Lemma even_agree_mix a b v : even_agree v (cfg_mix odd_face a b) = even_agree v b.
Proof.
rewrite /even_agree /omega_at !spin_ext_mix face_odd_NE face_odd_SE face_odd_NW.
by case: face_odd.
Qed.

Lemma odd_agree_xnor v a b :
  odd_agree v a -> odd_agree v b -> odd_agree v (cfg_xnor a b).
Proof.
rewrite /odd_agree /theta_at !spin_ext_xnor.
by case: face_odd; rewrite !negbK => /eqP-> /eqP->.
Qed.

Lemma even_agree_xnor v a b :
  even_agree v a -> even_agree v b -> even_agree v (cfg_xnor a b).
Proof.
rewrite /even_agree /omega_at !spin_ext_xnor.
by case: face_odd; rewrite !negbK => /eqP-> /eqP->.
Qed.

(* In the paper's notation: [theta(s)] misses [xi] and [omega(s)] lies in [l]. *)
Definition compatible (xi l : E) : {set G} :=
  constrained odd_agree xi :&: constrained even_agree (cfg_compl l).

Lemma card_compatible xi l :
  (#|compatible xi l| * #|[set: G]| =
   #|constrained odd_agree xi| * #|constrained even_agree (cfg_compl l)|)%N.
Proof.
by apply: (card_setI_mix (od := odd_face)) => a b; rewrite !inE;
  apply: eq_forallb => v; rewrite ?odd_agree_mix ?even_agree_mix.
Qed.
(* Let $\mathcal{L}$ be a propositional language, $\mathcal{L}_1$ an expansion of $\mathcal{L}$ with induced quantale embedding $i:\wp\Sigma_{\mathcal{L}}\to\wp\Sigma_{\mathcal{L}_1}$, and $(D,\vdash)$ a deductive system over $\mathcal{L}$ with associated nucleus $\gamma$ and $\wp\Sigma_{\mathcal{L}}$-module of theories $\mathrm{Th}$. Let $D_1$ be the domain of the same type as $D$ over $\mathcal{L}_1$. Then there exists a consequence relation $\vdash_1$ on $\wp D_1$ whose $\wp\Sigma_{\mathcal{L}_1}$-module of theories $\mathrm{Th}_1$ is isomorphic to $\wp\Sigma_{\mathcal{L}_1}\otimes_{\wp\Sigma_{\mathcal{L}}}\mathrm{Th}$.
   Context: A quantale is a complete lattice with a monoid product distributing over arbitrary joins; a left $Q$-module is a complete lattice with an associative unital action distributing over joins in each argument; a $Q$-module nucleus is a closure operator $\gamma$ with $a\gamma(u)\le\gamma(au)$, with image a $Q$-module under join $\gamma(\bigvee\cdot)$ and action $\gamma(au)$. For a language $\mathcal{L}$ and fixed denumerable $\mathrm{Var}$: $\mathit{Fm}_{\mathcal{L}}$ term algebra, $\Sigma_{\mathcal{L}}$ monoid of substitutions, $\wp\Sigma_{\mathcal{L}}$ quantale of subsets (union, elementwise composition, unit $\{\mathrm{id}\}$). A domain is formulas, equations $\mathit{Fm}_{\mathcal{L}}^2$ or sequents $\bigcup_{(m,n)\in T}\mathit{Fm}_{\mathcal{L}}^m\times\mathit{Fm}_{\mathcal{L}}^n$; ''same type'' means the same kind (and same $T$). $\wp D$ is a left $\wp\Sigma_{\mathcal{L}}$-module via $\Sigma\cdot\Phi=\{\sigma(\varphi)\}$. A (structural) consequence relation corresponds to the nucleus $\gamma(\Phi)=\{\psi:\Phi\vdash\psi\}$ on $\wp D$ and has module of theories $(\wp D)_\gamma$. An expansion $\mathcal{L}_1$ contains all connectives of $\mathcal{L}$ with the same arities; $i$ maps each substitution to the unique $\mathcal{L}_1$-substitution with the same values on $\mathrm{Var}$, making $\wp\Sigma_{\mathcal{L}_1}$ a right $\wp\Sigma_{\mathcal{L}}$-module. The tensor product $M_1\otimes_Q M_2$ (right module $M_1$, left module $M_2$) is the quotient of the free sup-lattice $\wp(M_1\times M_2)$ by the sup-lattice congruence generated by $(\{(\bigvee X,y)\},\bigcup_{x\in X}\{(x,y)\})$, $(\{(x,\bigvee Y)\},\bigcup_{y\in Y}\{(x,y)\})$, $(\{(xa,y)\},\{(x,ay)\})$, a left $\wp\Sigma_{\mathcal{L}_1}$-module via the first factor. *)

From mathcomp Require Import all_boot.
From Stdlib Require Import FunctionalExtensionality PropExtensionality.
Set Implicit Arguments. Unset Strict Implicit. Unset Printing Implicit Defensive.

Definition pset (X : Type) := X -> Prop.

Record Lang := { con : Type; ar : con -> nat }.

Inductive Fm (L : Lang) : Type :=
| Var : nat -> Fm L
| App : forall c : con L, ('I_(ar c) -> Fm L) -> Fm L.
Arguments Var {L} _.

Definition Subst (L : Lang) := nat -> Fm L.

Fixpoint subst (L : Lang) (s : Subst L) (t : Fm L) : Fm L :=
  match t with
  | Var v => s v
  | App c f => @App L c (fun i => subst s (f i))
  end.

Definition scomp (L : Lang) (s t : Subst L) : Subst L := fun v => subst s (t v).

(** The quantale of subsets of substitutions: union, elementwise composition,
    unit {id}. *)
Definition qmul (L : Lang) (A B : pset (Subst L)) : pset (Subst L) :=
  fun u => exists s t, A s /\ B t /\ u = scomp s t.
Definition qunion (L : Lang) (S : pset (pset (Subst L))) : pset (Subst L) :=
  fun s => exists A, S A /\ A s.

Record expansion (L L1 : Lang) := {
  emb : con L -> con L1;
  emb_inj : injective emb;
  emb_ar : forall c, ar (emb c) = ar c }.

Fixpoint embF (L L1 : Lang) (E : expansion L L1) (t : Fm L) : Fm L1 :=
  match t with
  | Var v => Var v
  | App c f => @App L1 (emb E c) (fun i => embF E (f (cast_ord (emb_ar E c) i)))
  end.

Definition iSub (L L1 : Lang) (E : expansion L L1) (s : Subst L) : Subst L1 :=
  fun v => embF E (s v).
Definition iset (L L1 : Lang) (E : expansion L L1) (a : pset (Subst L))
  : pset (Subst L1) := fun u => exists s, a s /\ u = iSub E s.

(** * Domains: formulas, equations, sequents of types in T *)
Inductive DomKind := DFm | DEq | DSeq of (nat -> nat -> Prop).

Definition Dom (k : DomKind) (L : Lang) : Type :=
  match k with
  | DFm => Fm L
  | DEq => (Fm L * Fm L)%type
  | DSeq T => {p : seq (Fm L) * seq (Fm L) | T (size p.1) (size p.2)}
  end.

Lemma seq_subst_ok (L : Lang) (T : nat -> nat -> Prop) (s : Subst L)
  (p : seq (Fm L) * seq (Fm L)) :
  T (size p.1) (size p.2) ->
  T (size (map (subst s) p.1)) (size (map (subst s) p.2)).
Proof. by rewrite !size_map. Qed.

Definition dsubst (k : DomKind) (L : Lang) (s : Subst L) : Dom k L -> Dom k L :=
  match k return Dom k L -> Dom k L with
  | DFm => fun t => subst s t
  | DEq => fun e => (subst s e.1, subst s e.2)
  | DSeq T => fun x =>
      exist (fun p : seq (Fm L) * seq (Fm L) => T (size p.1) (size p.2))
            (map (subst s) (sval x).1, map (subst s) (sval x).2)
            (@seq_subst_ok L T s (sval x) (svalP x))
  end.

..............................

# [DIRECTIONS]
Once you find the line with "Definition compatible (xi" above, print it and every line after it up to and including the line with "by apply: (card_setI_mix", exactly as written and nothing else.

# [EXERCISE RESPONSE]
Definition compatible (xi l : E) : {set G} :=
  constrained odd_agree xi :&: constrained even_agree (cfg_compl l).

Lemma card_compatible xi l :
  (#|compatible xi l| * #|[set: G]| =
   #|constrained odd_agree xi| * #|constrained even_agree (cfg_compl l)|)%N.
Proof.
by apply: (card_setI_mix (od := odd_face)) => a b; rewrite !inE;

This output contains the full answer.